State legislatures again! This time it’s the Colorado House of Representatives (they’ve got Gordon Klingenschmitt, too), where Stephen Humphrey has been representing District 48 since 2013. Promptly after having been elected, Humphrey submitted House Bill 13-1089, an “Academic Freedom Act” for both K-12 public schools and institutes of higher education in the state of Colorado. Academic Freedom Acts are of course attempts to protect teaching creationism in public school classrooms, often padded with protections of other types of pseudoscience and denialism as well, usually modeled after the example of the Discovery Institute’s Model academic freedom statute on evolution. It has nothing to do with academic freedom, but “protecting academic freedom” sounds better than the more accurate “trying to get religion back into classrooms and removing scientific facts that fundamentalists find threatening to what they wish were true”.
Humphrey’s bill in particular would “direct teachers to create an environment that encourages students to intelligently and respectfully explore scientific questions and learn about scientific evidence related to biological and chemical evolution, global warming, and human cloning.” The bill also referred to those as “controversial issues”, where “controversial issues” means “issues where Humphrey doesn’t like the consensus position among scientists.” There is no scientific controversy over evolution or global warming. So, not only is Humphrey a creationist and global warming denialist; he also wants Colorado to ensure that his politically and religiously motivated denialism is what is taught in schools. According to Humphrey, his intention was not to add religious dogma to the curriculum, but his intention was, of course, precisely to add religious dogma to the curriculum. Even the most baldfaced lie is apparently acceptable as long as you do it for Jesus.

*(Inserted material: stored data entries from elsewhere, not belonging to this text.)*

Lemma link_matroid : matroid_on ((A :\: B) :|: (B :\: A)) (link A B MA MB).
Proof.
split.
- by apply/set0Pn; exists ((f1 :|: f2) :\: C); apply: mem_link.
- move=> _ /link_cover[a [b [aA bB _ _ ->]]].
  have := base_subset hA aA; have := base_subset hB bB.
  by move=> sbB saA; apply/subsetP=> z; clear -sbB saA; mem_decide z.
move=> _ _ x /link_cover[a1 [b1 [a1A b1B d1 c1 ->]]] /link_cover[a2 [b2 [a2A b2B d2 c2 ->]]].
rewrite inE => /andP[xw2 /setDP[xu1 xC]].
have iu1x : union_indep MA MB ((a1 :|: b1) :\ x) by exists a1, b1; rewrite subsetDl.
have iu2 : union_indep MA MB (a2 :|: b2) by exists a2, b2.
have card_u1 := card_setU_base_disjoint a1A b1B d1.
have lt_u12 : #|(a1 :|: b1) :\ x| < #|a2 :|: b2|.
  by rewrite (card_setU_base_disjoint a2A b2B d2) -card_u1 (cardsD1 x (a1 :|: b1)) xu1.
have [y /setDP[yu2 yu1x] iy] := union_indep_augment hA hB iu1x iu2 lt_u12.
have yx : y != x by apply: contraNneq xw2 => exy; rewrite in_setD xC -exy yu2.
have yu1 : y \notin a1 :|: b1 by move: yu1x; rewrite in_setD1 yx.
have yC : y \notin C by apply: contra yu1; apply: (subsetP c1).
have card_y : #|y |: ((a1 :|: b1) :\ x)| = r.
  by rewrite cardsU1 in_setD1 (negbTE yu1) andbF -card_u1 (cardsD1 x (a1 :|: b1)) xu1.
have [a [b [aA bB dab ey]]] := union_indep_full iy card_y.
exists y; first by rewrite !in_setD yC yu2 (negbTE yu1).
have -> : ((a1 :|: b1) :\: C) :\ x :|: [set y] = (a :|: b) :\: C.
  rewrite -ey; apply/setP=> z; rewrite !(in_setU, in_setD, in_set1).
  by case: (eqVneq z y) => [->|_]; rewrite ?yC ?orbT ?orbF // andbCA.
apply: mem_link => //; rewrite -ey; apply/subsetP=> z zC.
rewrite in_setU1 in_setD1 (subsetP c1 z zC) andbT.
by apply/orP; right; apply: contraNneq xC => <-.
Qed.

End Linking.

Section Blocks.
Variables (T : finType) (A B : {set T}) (M : {set {set T}}).
Implicit Types (X Y : {set T}).

Definition aclass X := [set X' in aparts A B M | aequiv A B M X X'].

Lemma apartsP X : reflect (X \subset A /\ exists2 Y : {set T}, Y \subset B & X :|: Y \in M)
  (X \in aparts A B M).
Proof.
rewrite inE; apply: (iffP andP) => [[sXA /existsP[Y /andP[sYB XYM]]]|[sXA [Y sYB XYM]]].
  by split=> //; exists Y.
by split=> //; apply/existsP; exists Y; rewrite sYB.
Qed.

Lemma aequivP X X' : reflect (exists Y : {set T}, [/\ Y \subset B, X :|: Y \in M & X' :|: Y \in M])
  (aequiv A B M X X').
Proof.
apply: (iffP existsP) => [[Y /and3P[]]|[Y [sYB XYM X'YM]]]; first by exists Y.
by exists Y; rewrite sYB XYM X'YM.
Qed.

Lemma aequiv_sym X X' : aequiv A B M X X' -> aequiv A B M X' X.
Proof. by case/aequivP=> Y [sYB XYM X'YM]; apply/aequivP; exists Y. Qed.

Lemma mem_aclass X X' :
  (X' \in aclass X) = (X' \in aparts A B M) && aequiv A B M X X'.
Proof. by rewrite in_set. Qed.

Lemma aclass_refl X : X \in aparts A B M -> X \in aclass X.
Proof.
by move=> XP; rewrite mem_aclass XP; case/apartsP: XP => _ [Y sYB XYM]; apply/aequivP; exists Y.
Qed.

Lemma block_subset beta : beta \in blocks A B M -> beta \subset aparts A B M.
Proof. by case/imsetP=> X _ ->; apply/subsetP=> X'; rewrite mem_aclass => /andP[]. Qed.

Hypothesis hc : complete A B M.

Lemma aequiv_base X X' Y : X \subset A -> X' \subset A -> Y \subset B ->
  aequiv A B M X X' -> X :|: Y \in M -> X' :|: Y \in M.
Proof.
move=> sXA sX'A sYB /aequivP[Y0 [sY0B XY0M X'Y0M]] XYM.
exact: (hc sXA sX'A sY0B sYB XY0M XYM X'Y0M).
Qed.

Lemma aequiv_trans X1 X2 X3 : X1 \subset A -> X2 \subset A ->
  aequiv A B M X1 X2 -> aequiv A B M X2 X3 -> aequiv A B M X1 X3.
Proof.
move=> sX1A sX2A e12 /aequivP[Y [sYB X2YM X3YM]]; apply/aequivP; exists Y; split=> //.
exact: aequiv_base (aequiv_sym e12) X2YM.
Qed.

Lemma block_aclass beta X : beta \in blocks A B M -> X \in beta -> beta = aclass X.
Proof.
case/imsetP=> X0 X0P -> /[dup] /(subsetP (block_subset (imset_f _ X0P))) XP.
rewrite mem_aclass => /andP[_ e0].
have [sX0A sXA] : X0 \subset A /\ X \subset A by case/apartsP: X0P; case/apartsP: XP.
apply/setP=> X'; rewrite !mem_aclass; case X'P : (X' \in aparts A B M) => //=.
apply/idP/idP => [e0'|e'].
  exact: aequiv_trans sXA sX0A (aequiv_sym e0) e0'.
exact: aequiv_trans sX0A sXA e0 e'.
Qed.
(* Cauchy-Schwarz for a nonnegative combination with total weight W:
   ||sum_a w_a x_a||^2 <= W sum_a w_a ||x_a||^2.  It follows by expanding
   0 <= sum_a w_a ||W x_a - X||^2 where X := sum_a w_a x_a. *)
Lemma anorm2sq_lin_le I (w : I -> algC) (x : I -> calg n) :
  (forall a, 0 <= w a) -> 0 < \sum_a w a ->
  anorm2sq (alin w x) <= (\sum_a w a) * \sum_a w a * anorm2sq (x a).
Proof.
move=> w_ge0 W_gt0; set W := \sum_a w a; set X := alin w x.
have W_real : W^* = W by rewrite conj_Creal // gtr0_real.
have spread_ge0 : 0 <= \sum_a w a * anorm2sq (aadd (ascale W (x a)) (ascale (-1) X)).
  by apply: sumr_ge0 => a _; rewrite mulr_ge0 ?anorm2sq_ge0.
have spreadE : \sum_a w a * anorm2sq (aadd (ascale W (x a)) (ascale (-1) X)) =
  \sum_a (W ^+ 2 * (w a * anorm2sq (x a)) - W * (w a * adot (x a) X)
           - W * (w a * adot X (x a)) + anorm2sq X * w a).
  by apply: eq_bigr => a _; rewrite anorm2sq_comb W_real rmorphN rmorph1; ring.
rewrite spreadE big_split !sumrB /= -!mulr_sumr -adot_linl // -adot_linr in spread_ge0.
have : 0 <= W * (W * \sum_a w a * anorm2sq (x a) - anorm2sq X).
  by move: spread_ge0; congr (0 <= _); rewrite -/X -/W /anorm2sq /adot; ring.
by rewrite pmulr_rge0 // subr_ge0.
Qed.

End StarAlgebra.

Section NetTraces.
Set Implicit Arguments. Unset Strict Implicit.
Variables (m : nat) (n : 'I_m -> nat) (k d : nat) (Q : 'I_k -> 'I_d -> calg n).
Hypotheses (hQ : is_net Q) (hk2 : (2 <= k)%N) (hTr : aTr (aone n) != 0).

Let e : algC := d%:R^-1.

Lemma net_proj j s : amul (Q j s) (Q j s) = Q j s /\ aadj (Q j s) = Q j s.
Proof. by case: hQ => proj _ _ _ _; exact: proj. Qed.

Lemma net_orth j s t : s != t -> amul (Q j s) (Q j t) = azero n.
Proof. by case: hQ => _ _ orth _ _; exact: orth. Qed.

Lemma net_cross j1 j2 s1 s2 :
  j1 != j2 -> atau (amul (Q j1 s1) (Q j2 s2)) = (adim n)%:R^-1.
Proof. by case: hQ => _ _ _ cross _; exact: cross. Qed.

Lemma net_partition j : alin (fun=> 1) (Q j) = aone n.
Proof.
case: hQ => _ _ _ _ part; rewrite -(part j); apply: calg_ext => i.
by apply: eq_bigr => s _; rewrite scale1r.
Qed.

Lemma other_class j : exists l : 'I_k, l != j.
Proof.
have k_gt0 : (0 < k)%N by apply: leq_trans hk2.
case: j => -[|j] ltjk.
  by exists (Ordinal hk2); apply/eqP => /(congr1 val).
by exists (Ordinal k_gt0); apply/eqP => /(congr1 val).
Qed.

(* tau(Q_{j,t}) = d / dim: multiply Q_{j,t} by the partition of unity of
   another class. *)
Lemma atau_net_adim j t : atau (Q j t) = d%:R * (adim n)%:R^-1.
Proof.
have [l ne_lj] := other_class j.
rewrite -(amulr1 (Q j t)) -(net_partition l) amul_linr atau_lin.
rewrite (eq_bigr (fun _ => (adim n)%:R^-1)) => [|u _].
  by rewrite sumr_const card_ord mulr_natl.
by rewrite mul1r net_cross // eq_sym.
Qed.

(* Summing over a class: 1 = tau(I) = d^2 / dim, hence dim = d^2. *)
Lemma net_count : d%:R * (d%:R * (adim n)%:R^-1) = 1 :> algC.
Proof.
have [l _] := other_class (Ordinal (leq_trans (isT : (0 < 2)%N) hk2)).
rewrite -[RHS](atau_one hTr) -(net_partition l) atau_lin.
rewrite (eq_bigr (fun _ => d%:R * (adim n)%:R^-1)) => [|u _].
  by rewrite sumr_const card_ord [LHS]mulr_natl.
by rewrite mul1r atau_net_adim.
Qed.

Lemma net_order_neq0 : d%:R != 0 :> algC.
Proof.
by apply/eqP => d_eq0; move: net_count; rewrite d_eq0 mul0r => /eqP; rewrite eq_sym oner_eq0.
Qed.

Lemma adim_inv : (adim n)%:R^-1 = e ^+ 2.
Proof.
have d_neq0 := net_order_neq0.
rewrite /e exprVn; apply: (mulfI d_neq0); apply: (mulfI d_neq0).
by rewrite net_count mulrA -expr2 divff // expf_neq0.
Qed.

Lemma atau_net j t : atau (Q j t) = e.
Proof.
by rewrite atau_net_adim adim_inv /e expr2 mulrA divff ?net_order_neq0 ?mul1r.
Qed.

Lemma atau_net_cross j1 j2 s1 s2 :
  j1 != j2 -> atau (amul (Q j1 s1) (Q j2 s2)) = e ^+ 2.
Proof. by move=> ne_j; rewrite net_cross // adim_inv. Qed.
(* For all integers $k,d\ge1$ there is a GJ algorithm which, given the entries of a matrix $Z\in\mathbb R^{k\times d}$ as input, outputs the entries of $Z^\dagger Z$ (the orthogonal projection onto the row space of $Z$). This algorithm has degree $O(k)$ and predicate complexity at most $2^k$. Furthermore, if $Z$ is promised to have rank $k$, there is such a GJ algorithm of degree $O(k)$ and predicate complexity $0$.
   Context: $M^\dagger$ denotes the Moore–Penrose pseudo-inverse. A GJ algorithm operates on real-valued inputs and performs only arithmetic operations $v''=v\odot v'$ with $\odot\in\{+,-,\times,\div\}$ and conditional statements ''if $v\ge0$ then ... else ...'', where $v,v'$ are inputs or previously computed values. Every value it computes is a rational function of the inputs; the degree of a rational function is the maximum of the degrees of numerator and denominator in reduced form. The degree of a GJ algorithm is the maximum degree of any rational function of the inputs it computes; its predicate complexity is the number of distinct rational functions appearing in its conditional statements. *)

(* R is an abstract realType (MathComp-Analysis reals);
   rational functions of the inputs are represented by pairs of
   multivariate polynomials (multinomials' mpoly). *)
From HB Require Import structures.
From mathcomp Require Import all_boot all_order all_algebra.
From mathcomp Require Import reals.
From mathcomp Require Import mpoly.

Set Implicit Arguments.
Unset Strict Implicit.
Unset Printing Implicit Defensive.

Import Order.TTheory GRing.Theory Num.Theory.
Local Open Scope ring_scope.

(* Moore--Penrose pseudo-inverse (real matrices: transpose = adjoint). *)
Definition is_pinv (R : realType) (m n : nat)
    (A : 'M[R]_(m, n)) (X : 'M[R]_(n, m)) : Prop :=
  [/\ A *m X *m A = A, X *m A *m X = X,
      (A *m X)^T = A *m X & (X *m A)^T = X *m A].

Inductive gj_op := GAdd | GSub | GMul | GDiv.

(* an operand: an input x_i, or the j-th previously computed value *)
Inductive gj_arg (n : nat) := GIn of 'I_n | GVal of nat.

Inductive gj (n : nat) (O : Type) :=
  | GOut  of (O -> gj_arg n)
  | GStep of gj_op & gj_arg n & gj_arg n & gj n O  (* v_new := a op b; continue *)
  | GIf   of gj_arg n & gj n O & gj n O.            (* if a >= 0 then p1 else p2 *)

Arguments GIn {n}.
Arguments GVal {n}.

Section Semantics.
Variables (R : realType) (n : nat) (O : Type).

Definition gj_get (x : 'I_n -> R) (vs : seq R) (a : gj_arg n) : option R :=
  match a with
  | GIn i => Some (x i)
  | GVal j => if (j < size vs)%N then Some (nth 0 vs j) else None
  end.

Definition gj_apply (o : gj_op) (u v : R) : R :=
  match o with GAdd => u + v | GSub => u - v | GMul => u * v | GDiv => u / v end.
(* There are at least $2^{\mathfrak d}$ many totally imperfect Menger subsets of $2^\omega$.
   Context: $\mathfrak d$ is the least size of a dominating family in $(\omega^\omega,\le^* )$, where $a\le^*b$ means $\{n:a(n)>b(n)\}$ is finite. Menger: for every sequence $(\mathcal U_n)$ of open covers there are finite $\mathcal F_n\subseteq\mathcal U_n$ with $\bigcup_n\mathcal F_n$ a cover. Totally imperfect: contains no homeomorphic copy of $2^\omega$. *)

From HB Require Import structures.
From mathcomp Require Import all_boot all_order all_algebra.
From mathcomp Require Import all_classical all_reals all_analysis.
Set Implicit Arguments. Unset Strict Implicit. Unset Printing Implicit Defensive.
Local Open Scope classical_set_scope.

Definition le_star (a b : nat -> nat) : Prop := finite_set [set n | (b n < a n)%N].

Definition dominating (D : set (nat -> nat)) : Prop :=
  forall f : nat -> nat, exists2 g, D g & le_star f g.

(* D is a dominating family of least size, i.e. |D| = d *)
Definition min_dominating (D : set (nat -> nat)) : Prop :=
  dominating D /\ forall D', dominating D' -> (D #<= D')%card.

Definition Menger (X : set cantor_space) : Prop :=
  forall U : nat -> set (set cantor_space),
    (forall n, (forall V, U n V -> open V) /\ X `<=` \bigcup_(V in U n) V) ->
    exists F : nat -> set (set cantor_space),
      (forall n, finite_set (F n) /\ F n `<=` U n) /\
      X `<=` \bigcup_n \bigcup_(V in F n) V.

(* X contains a homeomorphic copy of 2^omega: an embedding f of 2^omega
   (continuous, with continuous inverse on its image) whose image lies in X *)
Definition contains_cantor_copy (X : set cantor_space) : Prop :=
  exists (f g : cantor_space -> cantor_space),
    continuous f /\ cancel f g /\ {within range f, continuous g} /\ range f `<=` X.

Definition totally_imperfect (X : set cantor_space) : Prop :=
  ~ contains_cantor_copy X.

From HB Require Import structures.
From mathcomp Require Import all_boot all_order all_algebra.
From mathcomp Require Import all_classical all_reals all_analysis.
From mathcomp Require Import wochoice finmap.
Local Open Scope classical_set_scope.

(* Well-order a dominating family [D] of size [d] in order type [d] and pick, for each
   [d] in [D], a function [h d] escaping [d] and all its predecessors: any
   [<=*]-bounded set of the [h d] has then fewer than [d] elements.  Coding [h d]
   (interleaved with [d], for injectivity) as the 0-1 sequence whose gaps between
   ones have lengths [h d] gives points [y d] outside [Fin] of which fewer than [d]
   have all their gaps bounded by any given [G].  For [A] included in [D], the set
   [Fin `|` y @` A] is Menger: countably many finite families of open sets covering
   [Fin] leave uncovered only points with bounded gaps, a set smaller than [d], and
   sets smaller than [d] are Menger.  It is totally imperfect: a copy of [2^omega]
   in it would contain a compact copy avoiding [Fin], whose points all have their
   gaps bounded by a single [G]. *)

Lemma injective_card_le T U (A : set T) (B : set U) (f : T -> U) :
  {in A &, injective f} -> (forall a, A a -> B (f a)) -> (A #<= B)%card.
Proof.
move=> f_inj fAB; have /card_eqPle [_ Af] := inj_card_eq f_inj.
by apply: (card_le_trans Af); apply: subset_card_le => _ [a Aa <-]; exact: fAB.
Qed.

Lemma exists_small_segment_order (T : pointedType) (D : set T) :
  exists lt : T -> T -> Prop,
    (forall a b, D a -> D b -> [\/ lt a b, a = b | lt b a]) /\
    (forall a, D a -> ~ (D #<= [set b | D b /\ lt b a])%card).
Proof.
have [R wR] := well_ordering_principle T.
have R_total : total R.
  by move=> a b; apply: (@wo_chainW T R predT (fun A _ => wR A)).
have R_anti : antisymmetric R.
  by move=> a b; apply: (@wo_chain_antisymmetric T R predT (fun A _ => wR A)).
pose seg a := [set b | D b /\ R b a /\ b <> a].
pose I := [set a | D a /\ ~ (D #<= seg a)%card].
(* If some segment is as large as [D], that of the least such [z] lies inside [I]. *)
have DI : (D #<= I)%card.
  pose big := [pred a | `[< D a /\ (D #<= seg a)%card >]].
  have [[a0 big_a0]|no_big] := pselect (nonempty big); last first.
    apply: subset_card_le => a Da; split => // Dsega; apply: no_big; exists a.
    by rewrite inE; apply/asboolP.
  have [z [[/asboolP [Dz Dsegz] z_least] _]] := wR _ (ex_intro _ a0 big_a0).
  apply: (card_le_trans Dsegz); apply: subset_card_le => b [Db [Rbz bz]].
  split => // Dsegb; apply: bz; apply: R_anti; rewrite Rbz z_least //.
  by rewrite inE; apply/asboolP.
have /pcard_leP/injfunPex [iota iota_fun iota_inj] := DI.
exists (fun a b => R (iota a) (iota b) /\ iota a <> iota b); split.
  move=> a b Da Db; have [eab|nab] := pselect (iota a = iota b).
    by apply: Or32; apply: iota_inj => //; apply: mem_set.
  case/orP: (R_total (iota a) (iota b)) => R_ab; [apply: Or31 | apply: Or33].
    by split.
  by split => // eab; apply: nab.
move=> a Da Dsega; have [_ Iseg] := iota_fun a Da; apply: Iseg.
apply: (card_le_trans Dsega); apply: (@injective_card_le _ _ _ _ iota).
  by move=> b c /set_mem [Db _] /set_mem [Dc _]; apply: iota_inj; apply: mem_set.
by move=> b [Db Rba]; have [Diotab _] := iota_fun b Db; split.
Qed.
(* Let $G$ be a totally disconnected, locally compact group and $\mathcal{H}$ a group of automorphisms of $G$. Then the set $\mathcal{H}_{FC_d}:=\{\varphi\in\mathcal{H}:\varphi^{\mathcal{H}}\text{ is bounded}\}$ is a normal subgroup of $\mathcal{H}$, and for any such $\mathcal{H}$ we have $(\mathcal{H}_{FC_d})_{FC_d}=\mathcal{H}_{FC_d}$.
   Context: Automorphisms are continuous with continuous inverse. $\mathcal{B}(G)$ is the set of compact, open subgroups of $G$ with metric $d(V,W)=\log\bigl(|V:V\cap W|\cdot|W:W\cap V|\bigr)$. A set $B$ of automorphisms of $G$ is bounded if $B.V=\{\beta(V):\beta\in B\}$ has bounded diameter in $\mathcal{B}(G)$ for some (equivalently every) $V\in\mathcal{B}(G)$. For a group $\mathcal{K}$ of automorphisms and $\varphi\in\mathcal{K}$, $\varphi^{\mathcal{K}}=\{\psi\varphi\psi^{-1}:\psi\in\mathcal{K}\}$, and $\mathcal{K}_{FC_d}=\{\varphi\in\mathcal{K}:\varphi^{\mathcal{K}}\text{ bounded}\}$; in particular $(\mathcal{H}_{FC_d})_{FC_d}$ uses conjugation by elements of $\mathcal{H}_{FC_d}$ only. *)

From HB Require Import structures.

From mathcomp Require Import all_boot all_order.
From mathcomp Require Import finmap boolp classical_sets functions cardinality topology.
From Stdlib Require Rdefinitions Raxioms Rpower.

Set Implicit Arguments. Unset Strict Implicit. Unset Printing Implicit Defensive.
Local Open Scope classical_set_scope.


Section TDLC.
Variable G : topologicalType.
Variables (mul : G -> G -> G) (inv : G -> G) (one : G).

(* G is a (Hausdorff-free formulation of a) topological group *)
Definition is_topological_group : Prop :=
  [/\ (forall x y z, mul x (mul y z) = mul (mul x y) z),
      (forall x, mul one x = x /\ mul x one = x),
      (forall x, mul (inv x) x = one /\ mul x (inv x) = one),
      continuous (fun p : G * G => mul p.1 p.2) &
      continuous inv].
(* Let $n\ge1$ and let $\mathfrak{n}=\mathfrak{n}(n)$ be as in the context. Let $D$ be a diagonalizable derivation of $\mathfrak{n}$ with eigenvalues $1$, $2$ and $3$. Then the eigenspaces of $D$ for the eigenvalues $1,2,3$ have dimensions $d_1=n+3$, $d_2=\frac{n(n+1)}{2}+3$ and $d_3=2n+2$ respectively. In particular, if $\mathfrak{n}=\tilde{\mathfrak{n}}_1\oplus\tilde{\mathfrak{n}}_2\oplus\tilde{\mathfrak{n}}_3$ is any grading of $\mathfrak{n}$, then $\dim\tilde{\mathfrak{n}}_i=d_i$ for $i=1,2,3$.
   Context: Fix a field of characteristic zero and a positive integer $n$. The Lie algebra $\mathfrak{n}(n)$ has basis $e_1,\dots,e_n,a,b,x$; $u,y$; $e_i\wedge e_j$ ($1\le i<j\le n$); $c$; $x_1,\dots,x_n$; $u_1,\dots,u_n$; $y_1,\dots,y_n$; $f,h$. Its bracket is defined on basis elements by: $[e_i,e_j]=e_i\wedge e_j$ for $i<j$ (so $[e_j,e_i]=-e_i\wedge e_j$), $[e_i,x]=x_i$, $[e_i,u]=u_i$, $[e_i,y]=y_i$, $[a,b]=c$, $[a,y]=f$, $[a,c]=h$, $[b,u]=h$, $[b,y]=h$, $[x,u]=f$, $[x,y]=h$, extended by antisymmetry, and all other brackets of pairs of basis elements are zero. A grading $\mathfrak{n}=\tilde{\mathfrak{n}}_1\oplus\tilde{\mathfrak{n}}_2\oplus\tilde{\mathfrak{n}}_3$ is a vector space decomposition with $[\tilde{\mathfrak{n}}_i,\tilde{\mathfrak{n}}_j]\subset\tilde{\mathfrak{n}}_{i+j}$ for all $i,j$, where $\tilde{\mathfrak{n}}_m=0$ for $m>3$. *)

From HB Require Import structures.
From mathcomp Require Import all_boot all_order all_algebra.
Set Implicit Arguments. Unset Strict Implicit. Unset Printing Implicit Defensive.
Import GRing.Theory.
Local Open Scope ring_scope.

(* Basis of the Lie algebra n(n):
   e_1..e_n, a, b, x ; u, y ; e_i /\ e_j (i<j) ; c ; x_1..x_n ; u_1..u_n ;
   y_1..y_n ; f, h.  Indices 1..n are represented by 'I_n (0-based). *)
Inductive nbasis (n : nat) : Type :=
  | bE of 'I_n | bA | bB | bX | bU | bY
  | bW of {p : 'I_n * 'I_n | (p.1 < p.2)%N}
  | bC | bXi of 'I_n | bUi of 'I_n | bYi of 'I_n | bF | bH.

Arguments bA {n}. Arguments bB {n}. Arguments bX {n}. Arguments bU {n}.
Arguments bY {n}. Arguments bC {n}. Arguments bF {n}. Arguments bH {n}.

Section NBasisFin.
Variable n : nat.
Definition wT := {p : 'I_n * 'I_n | (p.1 < p.2)%N}.
Definition codeT := ('I_n + ('I_n + ('I_n + ('I_n + (wT + 'I_8)))))%type.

The cosponsors of the bill were Perry Buck (R-District 49), Justin Everett (R-District 22), Chris Holbert (R-District 44), Janak Joshi (R-District 16), Dan Nordberg (R-District 14), Lori Saine (R-District 63), and James D. Wilson (R-District 60), so you know who not to vote for if you have a vote in Colorado. The bill was apparently also introduced in the senate, where the sponsors were Scott Renfroe (R-District 13), an anti-gay activist and card-carrying member of ALEC, an organization devoted to this kind of legislation; Kevin Grantham (R-District 2); Ted Harvey (R-District 30); and Owen Hill (R-District 10).
The bill died in committee, as expected, but Humphrey is still in the Colorado House, and he is surely up to no good.
Last time Colorado saw a creationist bill was apparently in 2010, when state senator Dave Schultheis submitted his creationism andtheocracy bill (not Schultheis’s title).
Diagnosis: Another Taliban representative in a State legislature. He shouldn’t be there. Get him out.